-------- THE DATA

(* Let $(X,d)$ be a metric space, $\mu$ a non-atomic Borel measure on $X$, $m$ a Borel measure on $X$, $0<p<\infty$, and let $\Gamma^*\subset\Gamma^\mu$ be a family of paths closed under taking non-trivial subpaths such that any two points of $X$ are joined by a path in $\Gamma^*$. Let $F$ be a closed subset of $X$ and let $f:X\to\mathbb R$ be $ACC_p$ with $f=0$ $m$-almost everywhere on $F$. If $\rho$ is an upper gradient of $f$, then $\rho\chi_{X\setminus F}$ is a $p$-weak upper gradient of $f$.
   Context: A path is a continuous map $\gamma:[a,b]\to X$; a subpath is a restriction to a subinterval, trivial if that interval is a point; $\mathrm{Im}(\gamma)=\gamma([a,b])$. $\mu$ non-atomic: $\mu(\{x\})=0$ for all $x$. $\Gamma^\mu$ is the set of all non-trivial injective paths $\gamma$ with $0<\mu(\mathrm{Im}(\tilde\gamma))<\infty$ for every non-trivial subpath $\tilde\gamma$. For Borel $g\ge0$, $\int_\gamma g:=\int_{\mathrm{Im}(\gamma)}g\,d\mu$. For $\gamma:[a,b]\to X$ in $\Gamma^\mu$, $h(\gamma)=\mu(\mathrm{Im}(\gamma))$, $\nu_\gamma(x)=\mu(\gamma([a,x]))$ (a bijection onto $[0,h(\gamma)]$), $\gamma_h=\gamma\circ\nu_\gamma^{-1}$. For $\Gamma\subset\Gamma^*$, $\mathrm{Mod}_p(\Gamma)=\inf\int_Xg^p\,dm$ over Borel $g\ge0$ with $\int_\gamma g\ge1$ for all $\gamma\in\Gamma$; ''$p$-almost every path'' means all paths of $\Gamma^*$ outside a family of $p$-modulus zero. A Borel $\rho\ge0$ is an upper gradient of $f$ if $|f(x)-f(y)|\le\int_\gamma\rho$ for every $\gamma\in\Gamma^*$ with endpoints $x,y$ (with $f(x),f(y)$ finite), and a $p$-weak upper gradient if this holds for $p$-almost every $\gamma\in\Gamma^*$. $f$ is $ACC_p$ if $f\circ\gamma_h$ is absolutely continuous for $p$-almost every $\gamma\in\Gamma^*$. *)

From HB Require Import structures.
From mathcomp Require Import all_boot all_order all_algebra.
From mathcomp Require Import all_classical all_reals all_analysis.
From mathcomp Require Import measurable_realfun.

Set Implicit Arguments.
Unset Strict Implicit.
Unset Printing Implicit Defensive.

Import Order.TTheory GRing.Theory Num.Theory.
Import numFieldNormedType.Exports.

Local Open Scope classical_set_scope.
Local Open Scope ring_scope.

Notation Borel X := (g_sigma_algebraType (@open X)).

Section Defs.
Variables (R : realType) (X : pseudoPMetricType R).

(* A xpath gamma : [a, b] -> X, represented by its endpoints and a function
   R -> X (only its values on [a, b] matter). *)
Record xpath := XPath { pa : R; pb : R; pf : R -> X }.

Definition is_path (g : xpath) :=
  pa g <= pb g /\ {within `[pa g, pb g], continuous pf g}.

Definition nontrivial (g : xpath) := pa g < pb g.

Definition Im (g : xpath) : set X := pf g @` `[pa g, pb g].

Definition subpath (g : xpath) (c d : R) := XPath c d (pf g).

Definition is_subpath_range (g : xpath) (c d : R) :=
  pa g <= c /\ c <= d /\ d <= pb g.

----------------

REQUIRED WORK
Down to the last line, repeat the data exactly.

WORKED SOLUTION
(* Let $(X,d)$ be a metric space, $\mu$ a non-atomic Borel measure on $X$, $m$ a Borel measure on $X$, $0<p<\infty$, and let $\Gamma^*\subset\Gamma^\mu$ be a family of paths closed under taking non-trivial subpaths such that any two points of $X$ are joined by a path in $\Gamma^*$. Let $F$ be a closed subset of $X$ and let $f:X\to\mathbb R$ be $ACC_p$ with $f=0$ $m$-almost everywhere on $F$. If $\rho$ is an upper gradient of $f$, then $\rho\chi_{X\setminus F}$ is a $p$-weak upper gradient of $f$.
   Context: A path is a continuous map $\gamma:[a,b]\to X$; a subpath is a restriction to a subinterval, trivial if that interval is a point; $\mathrm{Im}(\gamma)=\gamma([a,b])$. $\mu$ non-atomic: $\mu(\{x\})=0$ for all $x$. $\Gamma^\mu$ is the set of all non-trivial injective paths $\gamma$ with $0<\mu(\mathrm{Im}(\tilde\gamma))<\infty$ for every non-trivial subpath $\tilde\gamma$. For Borel $g\ge0$, $\int_\gamma g:=\int_{\mathrm{Im}(\gamma)}g\,d\mu$. For $\gamma:[a,b]\to X$ in $\Gamma^\mu$, $h(\gamma)=\mu(\mathrm{Im}(\gamma))$, $\nu_\gamma(x)=\mu(\gamma([a,x]))$ (a bijection onto $[0,h(\gamma)]$), $\gamma_h=\gamma\circ\nu_\gamma^{-1}$. For $\Gamma\subset\Gamma^*$, $\mathrm{Mod}_p(\Gamma)=\inf\int_Xg^p\,dm$ over Borel $g\ge0$ with $\int_\gamma g\ge1$ for all $\gamma\in\Gamma$; ''$p$-almost every path'' means all paths of $\Gamma^*$ outside a family of $p$-modulus zero. A Borel $\rho\ge0$ is an upper gradient of $f$ if $|f(x)-f(y)|\le\int_\gamma\rho$ for every $\gamma\in\Gamma^*$ with endpoints $x,y$ (with $f(x),f(y)$ finite), and a $p$-weak upper gradient if this holds for $p$-almost every $\gamma\in\Gamma^*$. $f$ is $ACC_p$ if $f\circ\gamma_h$ is absolutely continuous for $p$-almost every $\gamma\in\Gamma^*$. *)

From HB Require Import structures.
From mathcomp Require Import all_boot all_order all_algebra.
From mathcomp Require Import all_classical all_reals all_analysis.
From mathcomp Require Import measurable_realfun.

Set Implicit Arguments.
Unset Strict Implicit.
Unset Printing Implicit Defensive.

Import Order.TTheory GRing.Theory Num.Theory.
Import numFieldNormedType.Exports.

Local Open Scope classical_set_scope.
Local Open Scope ring_scope.

Notation Borel X := (g_sigma_algebraType (@open X)).

Section Defs.
Variables (R : realType) (X : pseudoPMetricType R).

(* A xpath gamma : [a, b] -> X, represented by its endpoints and a function
   R -> X (only its values on [a, b] matter). *)
Record xpath := XPath { pa : R; pb : R; pf : R -> X }.

Definition is_path (g : xpath) :=
  pa g <= pb g /\ {within `[pa g, pb g], continuous pf g}.

Definition nontrivial (g : xpath) := pa g < pb g.

Definition Im (g : xpath) : set X := pf g @` `[pa g, pb g].

Definition subpath (g : xpath) (c d : R) := XPath c d (pf g).

Definition is_subpath_range (g : xpath) (c d : R) :=
  pa g <= c /\ c <= d /\ d <= pb g.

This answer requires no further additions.